Take every line containing "Require" out of the records.

• _DATASET CONTENT_
- - - - -

(* Let $S$ be an isolated invariant set for $f$ with a Morse decomposition $\mathcal M(\mathcal P,<)=\{M_p:p\in\mathcal P\}$, and let $P=(N,L)$ be a filtration pair for $S$ with pointed space map $f_P:N_L\to N_L$. Let $\hat S=\operatorname{Inv}N_L$ (with respect to $f_P$). Let $\hat{\mathcal P}=\mathcal P\cup\{0\}$ with the order extending $<$ by $0<p$ for all $p\in\mathcal P$, and let $\hat M_p=M_p$ for $p\in\mathcal P$ (viewed in $N_L$ via the quotient map, which is injective on $N\setminus L\supset S$) and $\hat M_0=\{[L]\}$. Then $\hat{\mathcal M}(\hat{\mathcal P},<)=\{\hat M_p:p\in\hat{\mathcal P}\}$ is a Morse decomposition of $\hat S$ for the map $f_P$.
   Context: Let $X$ be a locally compact metric space, $U\subset X$ open and $f:U\to X$ continuous (the same definitions below apply to any continuous self-map, in particular to $f_P$ on $N_L$). A solution through $x$ is a map $\sigma:\mathbb Z\to U$ with $\sigma(0)=x$ and $f(\sigma(n))=\sigma(n+1)$ for all $n$; for $N\subset U$, $\operatorname{Inv}N$ is the set of $x\in N$ admitting a solution through $x$ with values in $N$. A compact $N$ is an isolating neighborhood if $\operatorname{Inv}N\subset\operatorname{Int}N$; $S$ is an isolated invariant set if $S=\operatorname{Inv}N$ for some isolating neighborhood $N$. The exit set is $N^-=\{x\in N:f(x)\notin\operatorname{Int}N\}$. A filtration pair for $S$ is a pair of compact sets $L\subset N$ in the interior of the domain of $f$, each the closure of its interior, with (1) $\operatorname{cl}(N\setminus L)$ an isolating neighborhood and $\operatorname{Inv}\operatorname{cl}(N\setminus L)=S$; (2) $L$ a neighborhood of $N^-$ in $N$; (3) $f(L)\cap\operatorname{cl}(N\setminus L)=\emptyset$. $N_L=N/L$ with $L$ collapsed to the base point $[L]$ (if $L=\emptyset$, a disjoint point $[L]$ is adjoined), $p:N\to N_L$ the quotient map, and $f_P([L])=[L]$, $f_P(p(x))=p(f(x))$ for $x\in N\setminus L$. $\omega(x)=\bigcap_{K>0}\operatorname{cl}\big(\bigcup_{n>K}\{f^n(x)\}\big)$, $\omega(\sigma)=\omega(\sigma(0))$, $\alpha(\sigma)=\bigcap_{K>0}\operatorname{cl}\big(\bigcup_{n>K}\{\sigma(-n)\}\big)$. For a finite set $\mathcal P$ with a partial order $<$ (irreflexive, transitive), a collection $\{M_p\subset S:p\in\mathcal P\}$ of pairwise disjoint isolated invariant sets is a Morse decomposition of an invariant set $S$ if for every $x\in S$ and every solution $\sigma:\mathbb Z\to S$ through $x$, either $\sigma(\mathbb Z)\subset M_p$ for some $p$, or $\omega(\sigma)\subset M_p$ and $\alpha(\sigma)\subset M_q$ for some $p<q$. *)

From HB Require Import structures.
From mathcomp Require Import all_boot all_order all_algebra.
From mathcomp Require Import all_classical all_reals all_analysis.
Set Implicit Arguments. Unset Strict Implicit. Unset Printing Implicit Defensive.
Import Order.TTheory GRing.Theory Num.Theory.
Local Open Scope classical_set_scope.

- - - - -

• _TASK ANSWER_
From HB Require Import structures.
From mathcomp Require Import all_boot all_order all_algebra.
From mathcomp Require Import all_classical all_reals all_analysis.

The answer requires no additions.